> Exercise
Lines before the one containing "rewrite !unfold_in /= -Em_q." are left out; return that line and all lines after it, exactly, through the end of the records below.

(Saved data entries)
(* Let $p,q$ be consecutive patterns of length 4 satisfying the standing assumptions below. Let $n\ge1$, $S,U\subseteq[n]$, and let $\epsilon\in I_n$ with $\operatorname{Em}(q,\epsilon)=S$ and $\operatorname{Em}(p,\epsilon)=U$. Then $\operatorname{Em}(p,\phi^{-1}_{\ge S}(\epsilon))\subseteq S\cup U$.
   Context: An inversion sequence of length $n$ is an integer sequence $\epsilon_1\cdots\epsilon_n$ with $0\le\epsilon_i<i$; $I_n$ is the set of them. The reduction of an integer word replaces each occurrence of its $k$-th smallest distinct value by $k-1$. A consecutive pattern $p=\underline{p_1p_2p_3p_4}$ occurs in $\epsilon$ at position $i$ if the reduction of $\epsilon_i\epsilon_{i+1}\epsilon_{i+2}\epsilon_{i+3}$ is $p_1p_2p_3p_4$; $\operatorname{Em}(p,\epsilon)$ is the set of such $i$. A pattern is non-overlapping if no two of its occurrences in any sequence overlap in more than one entry (i.e. no two occurrences are at positions differing by 1 or 2). Standing assumptions: $p$ and $q$ are each non-overlapping, agree in their first entries and in their last entries, have the same maximum entry $d$, and each contains every value in $\{0,\dots,d\}$. Change operation: if $p$ occurs in $\epsilon$ at $i$, let $f$ be the order-preserving bijection from $\{0,\dots,d\}$ onto the set of values $\{\epsilon_i,\dots,\epsilon_{i+3}\}$, so that $\epsilon_{i+j-1}=f(p_j)$; changing this occurrence to $q$ means replacing $\epsilon_{i+j-1}$ by $f(q_j)$ for $j=1,\dots,4$ (and symmetrically for changing an occurrence of $q$ to $p$). It is assumed that $p$ and $q$ are interchangeable, i.e. such changes (in either direction) applied to an inversion sequence always yield an inversion sequence. For $T\subseteq[n]$, let $I_{n,p}(\supseteq T)=\{\epsilon\in I_n:\operatorname{Em}(p,\epsilon)\supseteq T\}$ and similarly for $q$; $\phi_{\ge T}:I_{n,p}(\supseteq T)\to I_{n,q}(\supseteq T)$ changes the occurrences of $p$ at all positions in $T$ to occurrences of $q$, and it is assumed to be a bijection whose inverse $\phi^{-1}_{\ge T}$ changes the occurrences of $q$ at all positions in $T$ to occurrences of $p$. *)

From mathcomp Require Import all_boot.
Set Implicit Arguments. Unset Strict Implicit. Unset Printing Implicit Defensive.

(* Words/sequences are seq nat; positions are 1-based as in the paper. *)

Definition inv_seq (n : nat) (e : seq nat) : Prop :=
  size e = n /\ forall k, k < n -> nth 0 e k < k.+1.

(* reduction: each occurrence of the k-th smallest distinct value becomes k-1,
   i.e. x is replaced by the number of distinct values of w below x *)
Definition red (w : seq nat) : seq nat :=
  [seq size (undup [seq y <- w | y < x]) | x <- w].

Definition window (w : seq nat) (i : nat) : seq nat := take 4 (drop i.-1 w).

Definition occurs (p w : seq nat) (i : nat) : bool :=
  [&& 1 <= i, i + 3 <= size w & red (window w i) == p].

Definition Em (p w : seq nat) : pred nat := occurs p w.

Definition pmax (p : seq nat) : nat := \max_(x <- p) x.

Definition non_overlapping (p : seq nat) : Prop :=
  forall (w : seq nat) (i j : nat), occurs p w i -> occurs p w j -> i < j -> 3 <= j - i.

(* change an occurrence of p at position i into q: f is the order-preserving
   bijection {0..d} -> set of values of the window, f r = (r+1)-th smallest value *)
Definition change (p q : seq nat) (i : nat) (w : seq nat) : seq nat :=
  if occurs p w i then
    let vals := sort leq (undup (window w i)) in
    take i.-1 w ++ [seq nth 0 vals r | r <- q] ++ drop (i + 3) w
  else w.

(* phi_{>=T}: change the occurrences of p at all positions of T (within 1..size w)
   into occurrences of q (performed successively, in increasing order of position) *)
Definition change_all (p q : seq nat) (T : pred nat) (w : seq nat) : seq nat :=
  foldl (fun w' i => change p q i w') w [seq i <- iota 1 (size w) | T i].

Definition standing (p q : seq nat) : Prop :=
  [/\ size p = 4 /\ size q = 4,
      non_overlapping p /\ non_overlapping q,
      head 0 p = head 0 q /\ last 0 p = last 0 q,
      pmax p = pmax q /\
      (forall v, v <= pmax p -> v \in p) /\ (forall v, v <= pmax q -> v \in q) &
      (forall n e i, inv_seq n e -> occurs p e i -> inv_seq n (change p q i e)) /\
      (forall n e i, inv_seq n e -> occurs q e i -> inv_seq n (change q p i e))].

(* phi_{>=T} : I_{n,p}(⊇T) -> I_{n,q}(⊇T) is a bijection with inverse phi^{-1}_{>=T} *)
Definition phi_bijective (p q : seq nat) : Prop :=
  forall (n : nat) (T : pred nat), (forall i, T i -> 1 <= i <= n) ->
    (forall e, inv_seq n e -> {subset T <= Em p e} ->
       [/\ inv_seq n (change_all p q T e), {subset T <= Em q (change_all p q T e)}
         & change_all q p T (change_all p q T e) = e]) /\
    (forall e, inv_seq n e -> {subset T <= Em q e} ->
       [/\ inv_seq n (change_all q p T e), {subset T <= Em p (change_all q p T e)}
         & change_all p q T (change_all q p T e) = e]).

(* Changing an occurrence of q at position j into p only alters the entries
   j+1 and j+2, because p and q agree in their first and last letters.  After
   phi^{-1}_{>=S} every j in S carries an occurrence of p, so a further
   occurrence of p at some i outside S is at distance at least 3 from all of
   them by non-overlap; its window was therefore not touched, and it was
   already an occurrence of p in the original sequence. *)

From mathcomp Require Import all_boot zify.

Lemma nth_sorted_ltn_count (s : seq nat) a : sorted ltn s -> a \in s ->
  nth 0 s (count (ltn^~ a) s) = a.
Proof.
elim: s => [|h t IHt] //= sorted_hs; rewrite inE => /orP [/eqP ->|a_t].
  rewrite ltnn add0n (eq_in_count (a2 := pred0)) ?count_pred0 // => y y_t /=.
  by rewrite ltnNge ltnW // (allP (order_path_min ltn_trans sorted_hs)).
have h_lt_a : h < a := allP (order_path_min ltn_trans sorted_hs) a a_t.
by rewrite h_lt_a; exact: IHt (path_sorted sorted_hs) a_t.
Qed.

Lemma nth_sort_undup_rank (x : seq nat) a : a \in x ->
  nth 0 (sort leq (undup x)) (size (undup [seq y <- x | y < a])) = a.
Proof.
move=> a_x.
have perm_sorted : perm_eq (sort leq (undup x)) (undup x) by rewrite perm_sort.
rewrite -filter_undup size_filter -(permP perm_sorted) nth_sorted_ltn_count //.
  rewrite ltn_sorted_uniq_leq (perm_uniq perm_sorted) undup_uniq.
  exact: sort_sorted leq_total _.
by rewrite (perm_mem perm_sorted) mem_undup.
Qed.

Lemma nth_window w i m : m < 4 -> nth 0 (window w i) m = nth 0 w (i.-1 + m).
Proof. by move=> m_lt4; rewrite nth_take // nth_drop. Qed.

Lemma size_window w i : 1 <= i -> i + 3 <= size w -> size (window w i) = 4.
Proof. by move=> i_gt0 i_le; rewrite size_takel // size_drop; lia. Qed.

Lemma eq_occurs p w w' i : size w = size w' -> window w i = window w' i ->
  occurs p w i = occurs p w' i.
Proof. by rewrite /occurs => -> ->. Qed.

Lemma size_occurs p w i : occurs p w i -> size p = 4.
Proof.
by case/and3P=> i_gt0 i_le /eqP <-; rewrite size_map size_window.
Qed.

Lemma non_overlapping_far p w i j : non_overlapping p ->
  occurs p w i -> occurs p w j -> i != j -> (i + 3 <= j) || (j + 3 <= i).
Proof.
move=> no_p p_i p_j; case: (ltngtP i j) => [i_lt_j|j_lt_i|->] _ //.
- by have := no_p _ _ _ p_i p_j i_lt_j; lia.
- by have := no_p _ _ _ p_j p_i j_lt_i; lia.
Qed.

(* In the paper's notation, f(p_m) = eps_{i+m}. *)
Lemma nth_values_occurs p w i m : occurs p w i -> m < 4 ->
  nth 0 (sort leq (undup (window w i))) (nth 0 p m) = nth 0 w (i.-1 + m).
Proof.
case/and3P=> i_gt0 i_le /eqP red_p m_lt4.
have size_w4 : size (window w i) = 4 by rewrite size_window.
rewrite -red_p (nth_map 0) ?size_w4 // nth_sort_undup_rank ?nth_window //.
by rewrite -nth_window // mem_nth ?size_w4.
Qed.

Section ChangeOutsideInterior.

Variables p q : seq nat.
Hypothesis size_q : size q = 4.

Lemma size_change i w : size (change p q i w) = size w.
Proof.
rewrite /change; case: ifP => // /and3P [i_gt0 i_le _].
by rewrite !size_cat size_map size_takel ?size_drop; lia.
Qed.

Lemma size_change_all (T : pred nat) w : size (change_all p q T w) = size w.
Proof.
rewrite /change_all; move: [seq i <- _ | T i] => l.
elim: l w => [|j l IHl] w //=.
by rewrite IHl size_change.
Qed.

Hypothesis head_pq : head 0 p = head 0 q.
Hypothesis last_pq : last 0 p = last 0 q.

Lemma nth_change i w k : k != i -> k != i.+1 ->
  nth 0 (change p q i w) k = nth 0 w k.
Proof.
move=> k_ne_i k_ne_i1; rewrite /change; case: ifP => // p_i.
have /and3P [i_gt0 i_le _] := p_i.
have size_p : size p = 4 by apply: size_occurs p_i.
have keep_end m : m < 4 -> nth 0 p m = nth 0 q m ->
    nth 0 [seq nth 0 (sort leq (undup (window w i))) r | r <- q] m
    = nth 0 w (i.-1 + m).
  by move=> m_lt4 pq_m; rewrite (nth_map 0) ?size_q // -pq_m nth_values_occurs.
rewrite nth_cat size_takel; last lia.
case: ltnP => [k_lt|k_ge]; first by rewrite nth_take.
rewrite nth_cat size_map size_q; case: ltnP => [k_lt|k_ge']; last first.
  by rewrite nth_drop; congr nth; lia.
have [k_first|k_last] : k - i.-1 = 0 \/ k - i.-1 = 3 by lia.
- by rewrite k_first keep_end //; congr nth; lia.
- rewrite k_last keep_end //; first by congr nth; lia.
  by rewrite -[3]/(4.-1) -{1}size_p -size_q !nth_last.
Qed.

Lemma nth_change_all (T : pred nat) w k :
  (forall j, T j -> (k != j) && (k != j.+1)) ->
  nth 0 (change_all p q T w) k = nth 0 w k.
Proof.
move=> far_T; rewrite /change_all.
move: (iota 1 (size w)) => l; elim: l w => [|j l IHl] w //=.
case: ifP => //= T_j.
by rewrite IHl nth_change //; case/andP: (far_T j T_j).
Qed.

Lemma window_change_all (T : pred nat) w i : 0 < i ->
  (forall j, T j -> (i + 3 <= j) || (j + 3 <= i)) ->
  window (change_all p q T w) i = window w i.
Proof.
move=> i_gt0 far_T; apply: (@eq_from_nth _ 0) => [|m].
  by rewrite !size_take !size_drop size_change_all.
rewrite size_take size_drop size_change_all => m_lt.
have m_lt4 : m < 4 by move: m_lt; case: ifP; lia.
rewrite !nth_window // nth_change_all // => j /far_T; lia.
Qed.

End ChangeOutsideInterior.

Theorem lemma1 (p q : seq nat) (n : nat) (S U : pred nat) (e : seq nat) :
  standing p q -> phi_bijective p q ->
  1 <= n ->
  (forall i, S i -> 1 <= i <= n) -> (forall i, U i -> 1 <= i <= n) ->
  inv_seq n e ->
  Em q e =1 S -> Em p e =1 U ->
  forall i, Em p (change_all q p S e) i -> S i || U i.
Proof.
move=> [[size_p _] [no_p _] [head_pq last_pq] _ _] phi_bij _ S_range _ inv_e
  Em_q Em_p i p_i.
case S_i: (S i) => //=; rewrite -Em_p.
have q_on_S : {subset S <= Em q e} by move=> j; rewrite !unfold_in /= -Em_q.
have [_ p_on_S _] := (phi_bij n S S_range).2 e inv_e q_on_S.
have far_S j : S j -> (i + 3 <= j) || (j + 3 <= i).
  move=> S_j; apply: non_overlapping_far no_p p_i (p_on_S j S_j) _.
  by apply: contraFneq S_i => ->.
have [i_gt0 _ _] := and3P p_i.
move: p_i; rewrite /Em (eq_occurs p _ _ _ (size_change_all q p size_p S e)) //.
exact: window_change_all.
Qed.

> Solution to this problem
have q_on_S : {subset S <= Em q e} by move=> j; rewrite !unfold_in /= -Em_q.
have [_ p_on_S _] := (phi_bij n S S_range).2 e inv_e q_on_S.
have far_S j : S j -> (i + 3 <= j) || (j + 3 <= i).
  move=> S_j; apply: non_overlapping_far no_p p_i (p_on_S j S_j) _.
  by apply: contraFneq S_i => ->.
have [i_gt0 _ _] := and3P p_i.
move: p_i; rewrite /Em (eq_occurs p _ _ _ (size_change_all q p size_p S e)) //.
exact: window_change_all.
Qed.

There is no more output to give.